-
Bug
-
Resolution: Unresolved
-
Low
-
None
-
8.5.3, 8.8.0, 7.19.19
-
5
-
Severity 2 - Major
-
30
-
Issue Summary
When a new clustered node starts up, the node will restore the latest index snapshot from the Shared Home but then inadvertently restores an old copy of an index snapshot created from an older index rebuild/propagation
.
- If the copy of the restored index snapshot is more than 48 hours old (e.g. 1 month old), the node's index is now out of date
- With journalentry table only retaining the past 48 hours worth of index objects, the node is now missing the majority of the past month's indexed objects
- With journalentry table only retaining the past 48 hours worth of index objects, the node is now missing the majority of the past month's indexed objects
Steps to Reproduce
- Deploy a clustered Confluence Data Center (start with one node only)
- Once the node is up and running, scale the cluster to two nodes
- Create a few brand new pages so there are items to index
- Navigate to Confluence Administration » General Configuration » Content Indexing
- Initiate a Site reindex rebuild
- Upon completion:
- The <Shared-Home>/index-snapshots folder will have a copy of the newly saved index snapshot zip files
:
e.g. Oct 14, 12:58pmindex-snapshots % ls -l total 376 index-snapshots% ls -l -rw-------. 1 confluence confluence 322M Sep 16 10:26 IndexSnapshot_change_index_18934700.zip -rw-------. 1 confluence confluence 332M Oct 14 12:59 IndexSnapshot_change_index_19385800.zip -rw-------. 1 confluence confluence 2.4G Sep 16 10:25 IndexSnapshot_main_index_18933300.zip -rw-------. 1 confluence confluence 2.5G Oct 14 12:58 IndexSnapshot_main_index_19385400.zip
- The second node will restore the propagated index
- The <Shared-Home>/index-snapshots folder will have a copy of the newly saved index snapshot zip files
- Now create some more new content so there are items to index
- Navigate to Confluence Administration » General Configuration » Scheduled Jobs
- Manually run the Clean Journal Entries (normally run at 2am daily)

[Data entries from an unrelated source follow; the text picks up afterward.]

(* Let $G$ be split reductive with root system of type $B_r$, $r\geqslant3$, with simple roots $\alpha_1,\dots,\alpha_r$ in Bourbaki labelling ($\alpha_r$ short), and let $\widetilde G$ be an $n$-fold Brylinski--Deligne cover associated with a Weyl-invariant quadratic form $Q$. Partition $\Phi_+=\Phi_{+,I}\sqcup\Phi_{+,II}\sqcup\Phi_{+,III}$ with $\Phi_{+,I}=\{\sum_{i\leqslant k\leqslant r}\alpha_k:1\leqslant i\leqslant r\}$, $\Phi_{+,II}=\{\sum_{i\leqslant k<j}\alpha_k:1\leqslant i<j\leqslant r\}$, $\Phi_{+,III}=\{\sum_{i\leqslant k<j}\alpha_k+2\sum_{j\leqslant k\leqslant r}\alpha_k:1\leqslant i<j\leqslant r\}$, and $\Phi_+^\vee=\Phi^\vee_{+,I}\sqcup\Phi^\vee_{+,II}\sqcup\Phi^\vee_{+,III}$ with $\Phi^\vee_{+,I}=\{\sum_{i\leqslant k<j}\alpha_k^\vee:1\leqslant i<j\leqslant r\}$, $\Phi^\vee_{+,II}=\{\sum_{i\leqslant k<j}\alpha_k^\vee+2\sum_{j\leqslant k<r}\alpha_k^\vee+\alpha_r^\vee:1\leqslant i<j\leqslant r\}$, $\Phi^\vee_{+,III}=\{2\sum_{i\leqslant k<r}\alpha_k^\vee+\alpha_r^\vee:1\leqslant i\leqslant r\}$. If $n_{\alpha_i}=2n_{\alpha_r}$ for all $1\leqslant i<r$, then $$f_X(\Phi^\vee_{+,I})=f_Y(\Phi_{+,II}),\quad f_X(\Phi^\vee_{+,II})=f_Y(\Phi_{+,III}),\quad f_X(\Phi^\vee_{+,III})=f_Y(\Phi_{+,I});$$ in particular $f_X(\Phi^\vee_+)=\frac{1}{2n_{\alpha_r}}[1,2r]=f_Y(\Phi_+)$. If $n_\alpha$ is constant on $\alpha\in\Delta$, then $f_X(\Phi^\vee_+)=\frac{1}{n_\alpha}[1,2r-1]=f_Y(\Phi_+)$.
   Context: $[a,b]$ denotes $\{a,a+1,\dots,b\}$. Notation: $\omega_\alpha$ fundamental weights, $\omega^\vee_\alpha$ fundamental coweights, $\rho^\vee=\sum_{\alpha\in\Delta}\omega_\alpha^\vee$. $B_Q(y,z)=Q(y+z)-Q(y)-Q(z)$, $Y_{Q,n}=\{y\in Y:B_Q(y,z)\in n\mathbf Z\ \forall z\in Y\}$, $n_\alpha=n/\gcd(n,Q(\alpha^\vee))$, and $\tilde n_\alpha\in\{n_\alpha,n_\alpha/2\}$ ($\alpha\in\Phi$) defined by $\mathbf Z\alpha^\vee\cap Y_{Q,n}=\mathbf Z\tilde n_\alpha\alpha^\vee$. $f_X:\Phi_+^\vee\to\mathbf Q$, $f_X(\beta^\vee)=\sum_{\alpha\in\Delta}\langle\omega_\alpha/\tilde n_\alpha,\beta^\vee\rangle$; $f_Y:\Phi_+\to\mathbf Q$, $f_Y(\beta)=\langle\rho^\vee,\beta\rangle/\tilde n_\beta$. *)

From HB Require Import structures.
From mathcomp Require Import all_boot all_order all_algebra.
From mathcomp Require Import boolp classical_sets.
Set Implicit Arguments. Unset Strict Implicit. Unset Printing Implicit Defensive.
Import Order.TTheory GRing.Theory Num.Theory.
Local Open Scope ring_scope.

(* The cocharacter lattice Y and the character lattice X = Hom(Y,Z) are both
   modelled as Z^m = 'rV[int]_m, with the perfect pairing <x,y> = sum x_k y_k. *)
Definition dpair (m : nat) (x y : 'rV[int]_m) : int := \sum_(k < m) x 0 k * y 0 k.

Definition BQ (m : nat) (Q : 'rV[int]_m -> int) (y z : 'rV[int]_m) : int :=
  Q (y + z) - Q y - Q z.

(* Q : Y -> Z is a quadratic form: Q(ky) = k^2 Q(y) and B_Q is bilinear
   (B_Q is symmetric by definition, so additivity in the first argument suffices). *)
Definition is_quadratic_form (m : nat) (Q : 'rV[int]_m -> int) : Prop :=
  (forall (k : int) y, Q (k *: y) = k ^+ 2 * Q y) /\
  (forall y z w, BQ Q (y + z) w = BQ Q y w + BQ Q z w).

(* Cartan matrix of type B_r in Bourbaki labelling, indices shifted to 'I_r
   (Bourbaki alpha_{i+1} <-> index i; alpha_r short <-> index r-1):
   cartanB i j = <alpha_j, alpha_i^vee>. *)
Definition cartanB (r : nat) (i j : 'I_r) : int :=
  if i == j then 2
  else if (i == r.-1 :> nat) && (j == r.-2 :> nat) then -2
  else if (i.+1 == j :> nat) || (j.+1 == i :> nat) then -1 else 0.

Definition inYQn (m n : nat) (Q : 'rV[int]_m -> int) (y : 'rV[int]_m) : Prop :=
  forall z : 'rV[int]_m, (n%:Z %| BQ Q y z)%Z.

Definition nalpha (m n : nat) (Q : 'rV[int]_m -> int) (ac : 'rV[int]_m) : nat :=
  n %/ gcdn n (absz (Q ac)).

Definition ntilde (m n : nat) (Q : 'rV[int]_m -> int) (ac : 'rV[int]_m) : nat :=
  xget 0%N (fun k : nat => (0 < k)%N /\
    forall y : 'rV[int]_m,
      ((exists t : int, y = t *: ac) /\ inYQn n Q y) <->
      (exists t : int, y = (t * k%:Z) *: ac)).

(* Squared root lengths for B_r: (alpha_i,alpha_i) = 2 for long, 1 for short alpha_r. *)
Definition len2 (r : nat) (i : 'I_r) : int := if i == r.-1 :> nat then 1 else 2.

(* 2 (beta,beta) for beta = sum_k c_k alpha_k, using
   (alpha_i,alpha_j) = <alpha_j,alpha_i^vee> (alpha_i,alpha_i)/2. *)
Definition norm2x2 (r : nat) (c : 'I_r -> int) : int :=
  \sum_(i < r) \sum_(j < r) c i * c j * (cartanB i j * len2 i).

(* Coordinates of the coroot beta^vee = 2 beta/(beta,beta) in the basis of simple
   coroots: d_k = c_k (alpha_k,alpha_k)/(beta,beta). *)
Definition coroot_coord (r : nat) (c : 'I_r -> int) (k : 'I_r) : int :=
  ((2 * c k * len2 k) %/ norm2x2 c)%Z.

Definition corootY (r m : nat) (alphac : 'I_r -> 'rV[int]_m) (c : 'I_r -> int)
  : 'rV[int]_m := \sum_(k < r) coroot_coord c k *: alphac k.

(* f_X(beta^vee) = sum_alpha <omega_alpha/ntilde_alpha, beta^vee>,
   beta^vee = sum_k d_k alpha_k^vee given by its coordinates d. *)
Definition fX (r m n : nat) (alphac : 'I_r -> 'rV[int]_m) (Q : 'rV[int]_m -> int)
  (d : 'I_r -> int) : rat :=
  \sum_(k < r) (d k)%:~R / (ntilde n Q (alphac k))%:R.

(* f_Y(beta) = <rho^vee, beta>/ntilde_beta, beta = sum_k c_k alpha_k. *)
Definition fY (r m n : nat) (alphac : 'I_r -> 'rV[int]_m) (Q : 'rV[int]_m -> int)
  (c : 'I_r -> int) : rat :=
  (\sum_(k < r) c k)%:~R / (ntilde n Q (corootY alphac c))%:R.

(* Positive roots (coordinates w.r.t. simple roots), 0-based indices. *)
Definition rootI (r : nat) (i : 'I_r) : 'I_r -> int :=
  fun k => (nat_of_bool (i <= k)%N)%:Z.
Definition rootII (r : nat) (i j : 'I_r) : 'I_r -> int :=
  fun k => (nat_of_bool (i <= k < j)%N)%:Z.
Definition rootIII (r : nat) (i j : 'I_r) : 'I_r -> int :=
  fun k => (nat_of_bool (i <= k < j)%N + 2 * nat_of_bool (j <= k)%N)%:Z.

(* Positive coroots (coordinates w.r.t. simple coroots). *)
Definition corootI (r : nat) (i j : 'I_r) : 'I_r -> int :=
  fun k => (nat_of_bool (i <= k < j)%N)%:Z.
Definition corootII (r : nat) (i j : 'I_r) : 'I_r -> int :=
  fun k => (nat_of_bool (i <= k < j)%N + 2 * nat_of_bool (j <= k < r.-1)%N
            + nat_of_bool (k == r.-1 :> nat))%:Z.
Definition corootIII (r : nat) (i : 'I_r) : 'I_r -> int :=
  fun k => (2 * nat_of_bool (i <= k < r.-1)%N + nat_of_bool (k == r.-1 :> nat))%:Z.

Local Open Scope classical_set_scope.

Definition PhiI (r : nat) : set ('I_r -> int) := [set c | exists i : 'I_r, c = rootI i].
Definition PhiII (r : nat) : set ('I_r -> int) :=
  [set c | exists i j : 'I_r, (i < j)%N /\ c = rootII i j].
Definition PhiIII (r : nat) : set ('I_r -> int) :=
  [set c | exists i j : 'I_r, (i < j)%N /\ c = rootIII i j].
Definition PhicI (r : nat) : set ('I_r -> int) :=
  [set d | exists i j : 'I_r, (i < j)%N /\ d = corootI i j].
Definition PhicII (r : nat) : set ('I_r -> int) :=
  [set d | exists i j : 'I_r, (i < j)%N /\ d = corootII i j].
Definition PhicIII (r : nat) : set ('I_r -> int) :=
  [set d | exists i : 'I_r, d = corootIII i].

Definition PhiPos (r : nat) := @PhiI r `|` @PhiII r `|` @PhiIII r.
Definition PhicPos (r : nat) := @PhicI r `|` @PhicII r `|` @PhicIII r.
Arguments PhiI : clear implicits. Arguments PhiII : clear implicits. Arguments PhiIII : clear implicits.
Arguments PhicI : clear implicits. Arguments PhicII : clear implicits. Arguments PhicIII : clear implicits.
Arguments PhiPos : clear implicits. Arguments PhicPos : clear implicits.

Definition scaled_interval (N a b : nat) : set rat :=
  [set q | exists k : nat, (a <= k <= b)%N /\ q = k%:R / N%:R].

From HB Require Import structures.
From mathcomp Require Import all_boot all_order all_algebra.
From mathcomp Require Import boolp classical_sets.
From mathcomp Require Import zify ring.
Import Order.TTheory GRing.Theory Num.Theory.
Set Implicit Arguments. Unset Strict Implicit. Unset Printing Implicit Defensive.
Local Open Scope ring_scope.

(* Weyl invariance of Q under the simple reflections gives
   B_Q(a^vee, z) = Q(a^vee) <a, z> for every simple root a, and comparing
   B_Q(a_i^vee, a_j^vee) with B_Q(a_j^vee, a_i^vee) along the Dynkin diagram
   shows Q(a_k^vee) (a_k, a_k) = 2 Q(a_1^vee) for all k.  Summing over the
   coordinates of a coroot beta^vee then gives B_Q(beta^vee, z) = M <beta, z>
   with M = 2 Q(a_1^vee) / (beta, beta), and some simple coroot pairs with beta
   to +-1, so ntilde_beta = n / gcd(n, M): it is n_{a_r} for the short roots
   (type I) and n_{a_1} for the long ones (types II, III).  Both f_X and f_Y are
   then explicit, with numerators j - i, 2r - (i + j) and 2(r - i) (shifted by one
   in some places), and the claimed equalities reduce to describing the sets of
   integers these expressions take for 0 <= i < j < r. *)

Section QuadraticForm.
Variable m : nat.
Implicit Types (x y z w : 'rV[int]_m).

Lemma dpairD x y z : dpair x (y + z) = dpair x y + dpair x z.
Proof. by rewrite /dpair -big_split; apply: eq_bigr => k _; rewrite mxE mulrDr. Qed.

Lemma dpairZ x t y : dpair x (t *: y) = t * dpair x y.
Proof. by rewrite /dpair mulr_sumr; apply: eq_bigr => k _; rewrite mxE mulrCA. Qed.

Lemma dpair0 x : dpair x 0 = 0.
Proof. by rewrite -(scale0r 0) dpairZ mul0r. Qed.

Lemma dpair_sum x s (F : 'I_s -> 'rV[int]_m) :
  dpair x (\sum_(k < s) F k) = \sum_(k < s) dpair x (F k).
Proof. exact: (big_morph (dpair x) (dpairD x) (dpair0 x)). Qed.

Variable Q : 'rV[int]_m -> int.
Hypothesis quadQ : is_quadratic_form Q.

Lemma BQC y z : BQ Q y z = BQ Q z y.
Proof. by rewrite /BQ [y + z]addrC; ring. Qed.

Lemma BQDl y z w : BQ Q (y + z) w = BQ Q y w + BQ Q z w.
Proof. by case: quadQ. Qed.

Lemma QZ t y : Q (t *: y) = t ^+ 2 * Q y.
Proof. by case: quadQ. Qed.

Lemma BQ0l w : BQ Q 0 w = 0.
Proof. have := BQDl 0 0 w; rewrite addr0; lia. Qed.

Lemma BQZl t y w : BQ Q (t *: y) w = t * BQ Q y w.
Proof.
have BQMnl k : BQ Q (y *+ k) w = BQ Q y w *+ k.
  by elim: k => [|k IHk]; rewrite ?BQ0l // !mulrS BQDl IHk.
have BQNl v : BQ Q (- v) w = - BQ Q v w.
  by have := BQDl v (- v) w; rewrite subrr BQ0l; lia.
case: t => k; first by rewrite -natz scaler_nat BQMnl mulr_natl.
by rewrite NegzE scaleNr mulNr BQNl -natz scaler_nat BQMnl mulr_natl.
Qed.

Lemma BQ_suml s (F : 'I_s -> 'rV[int]_m) w :
  BQ Q (\sum_(k < s) F k) w = \sum_(k < s) BQ Q (F k) w.
Proof. exact: (big_morph (BQ Q ^~ w) (fun y z => BQDl y z w) (BQ0l w)). Qed.

(* Expanding Q (z - t a^vee) shows t (t Q(a^vee) - B(a^vee, z)) = 0 with
   t = <a, z>; comparing z with z + a^vee, where t grows by 2, kills the
   bracket. *)
Lemma BQ_reflection a ac :
  dpair a ac = 2 -> (forall y, Q (y - dpair a y *: ac) = Q y) ->
  forall z, BQ Q ac z = Q ac * dpair a z.
Proof.
move=> a_ac2 Qrefl.
have vanish z : dpair a z * (dpair a z * Q ac - BQ Q ac z) = 0.
  set t := dpair a z.
  have : Q (z - t *: ac) = BQ Q z ((- t) *: ac) + Q z + Q ((- t) *: ac).
    by rewrite /BQ scaleNr; ring.
  rewrite Qrefl BQC BQZl QZ sqrrN; lia.
move=> z; have := vanish (z + ac); rewrite dpairD a_ac2 BQC BQDl.
have -> : BQ Q ac ac = 2 * Q ac by rewrite /BQ -mulr2n -scaler_nat QZ; lia.
by rewrite BQC; have := vanish z; nia.
Qed.

End QuadraticForm.

Lemma dvdn_mul_divgcd n a b : (0 < n)%N -> (n %| a * b)%N = (n %/ gcdn n b %| a)%N.
Proof.
move=> n_gt0; set g := gcdn n b.
have g_gt0 : (0 < g)%N by rewrite gcdn_gt0 n_gt0.
have [n' n'E] : exists n', n = (n' * g)%N by exists (n %/ g)%N; rewrite divnK ?dvdn_gcdl.
have [b' b'E] : exists b', b = (b' * g)%N by exists (b %/ g)%N; rewrite divnK ?dvdn_gcdr.
have co_n'b' : coprime n' b'.
  by rewrite /coprime -(eqn_pmul2r g_gt0) muln_gcdl -n'E -b'E mul1n.
by rewrite n'E b'E mulnA dvdn_pmul2r // Gauss_dvdl // mulnK.
Qed.

Lemma divn_gcdn_gt0 n a : (0 < n)%N -> (0 < n %/ gcdn n a)%N.
Proof. by move=> n_gt0; rewrite divn_gt0 ?gcdn_gt0 ?n_gt0 // dvdn_leq // dvdn_gcdl. Qed.

Lemma scalel_inj m (y : 'rV[int]_m) : y != 0 -> injective ( *:%R^~ y).
Proof.
move=> y_neq0 a b /= /rowP eq_ab.
have [j yj_neq0] : exists j, y 0 j != 0.
  apply/existsP; apply: contraR y_neq0 => /existsPn y0.
  by apply/eqP/rowP => j; rewrite mxE; apply/eqP/negbNE/y0.
by apply: (mulIf yj_neq0); have := eq_ab j; rewrite !mxE.
Qed.

Section Ntilde.
Variables (m n : nat) (Q : 'rV[int]_m -> int).
Hypotheses (quadQ : is_quadratic_form Q) (n_gt0 : (0 < n)%N).

Lemma ntilde_eq y k : y != 0 -> (0 < k)%N ->
  (forall t : int, inYQn n Q (t *: y) <-> (k%:Z %| t)%Z) -> ntilde n Q y = k.
Proof.
move=> y_neq0 k_gt0 YQn_ty; apply: xget_unique.
  split=> // y'; split=> [[[t ->] /YQn_ty/dvdzP[s ->]] | [t ->]]; first by exists s.
  by split; [exists (t * k) | apply/YQn_ty; rewrite dvdz_mull].
move=> k' [_ k'_gen].
have k_dvd_k' : (k%:Z %| k'%:Z)%Z.
  by apply/YQn_ty; case: (k'_gen (k'%:Z *: y)) => _ /(_ _)[] //; exists 1; rewrite mul1r.
have k'_dvd_k : (k'%:Z %| k%:Z)%Z.
  have [|t /scalel_inj-> //] := (k'_gen (k%:Z *: y)).1; last exact: dvdz_mull.
  by split; [exists k%:Z | apply/YQn_ty].
move: k_dvd_k' k'_dvd_k; rewrite !dvdzE /= => k_dvd_k' k'_dvd_k.
by apply/eqP; rewrite eqn_dvd k_dvd_k' k'_dvd_k.
Qed.

Lemma ntilde_divgcd y (M : int) : y != 0 ->
  (forall z, (M %| BQ Q y z)%Z) -> (exists z, absz (BQ Q y z) = absz M) ->
  ntilde n Q y = (n %/ gcdn n `|M|)%N.
Proof.
move=> y_neq0 M_dvd [z0 BQz0]; apply: ntilde_eq => //; first exact: divn_gcdn_gt0.
move=> t; rewrite dvdzE -dvdn_mul_divgcd //; split=> [/(_ z0) | tM_dvd z].
  by rewrite BQZl // dvdzE abszM BQz0.
rewrite BQZl //; have /dvdzP[s ->] := M_dvd z.
by rewrite mulrCA dvdz_mull // dvdzE abszM.
Qed.

End Ntilde.

(* [case_lia] proves linear nat/int goals containing boolean tests (order and
   equality tests, [if]s) by splitting on every test lia cannot settle. *)
Ltac decide_lia b :=
  first [ have -> : b = true by lia | have -> : b = false by lia | case: (boolP b) => ? ].

Ltac ord_bounds :=
  repeat match goal with
  | i : 'I__ |- _ =>
      lazymatch goal with
      | _ : is_true (nat_of_ord i < _)%N |- _ => fail
      | _ => move: (ltn_ord i) => /= ?
      end
  end.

- This will create a new index snapshot with _id files in the <Shared-Home>/index-snapshots folder
e.g. Nov 14 02:04am
index-snapshots% ls -l -rw-------. 1 confluence confluence 322M Sep 16 10:26 IndexSnapshot_change_index_18934700.zip -rw-------. 1 confluence confluence 332M Oct 14 12:59 IndexSnapshot_change_index_19385800.zip -rw-------. 1 confluence confluence 334M Nov 14 02:05 IndexSnapshot_change_index_20020900.zip -rw-------. 1 confluence confluence 8 Nov 14 02:05 IndexSnapshot_change_index_journal_id -rw-------. 1 confluence confluence 1.3M Nov 14 02:05 IndexSnapshot_edge_index_30019973.zip -rw-------. 1 confluence confluence 8 Nov 14 02:05 IndexSnapshot_edge_index_journal_id -rw-------. 1 confluence confluence 2.4G Sep 16 10:25 IndexSnapshot_main_index_18933300.zip -rw-------. 1 confluence confluence 2.5G Oct 14 12:58 IndexSnapshot_main_index_19385400.zip -rw-------. 1 confluence confluence 2.5G Nov 14 02:04 IndexSnapshot_main_index_20019500.zip -rw-------. 1 confluence confluence 8 Nov 14 02:04 IndexSnapshot_main_index_journal_id
- All rows in journalentry older than 48 hours are deleted, except the largest ID row of each type. Specifically. the latest RESTORE_INDEX_SNAPSHOT will be retained for system_maintenance:
e.g.
entry_id,journal_name,creationdate,type,message,triedtimes 215300,system_maintenance,2023-10-24 18:58:01.123,RESTORE_INDEX_SNAPSHOT,"{""sourceNodeId"":""1020ab4c"",""indexSnapshots"":[{""index"":""MAIN_INDEX"",""journalId"":19385400},{""index"":""CHANGE_INDEX"",""journalId"":19385800}]}",0
- This will create a new index snapshot with _id files in the <Shared-Home>/index-snapshots folder
- Manually run the Clean Index Snapshots (normally run at 3am daily)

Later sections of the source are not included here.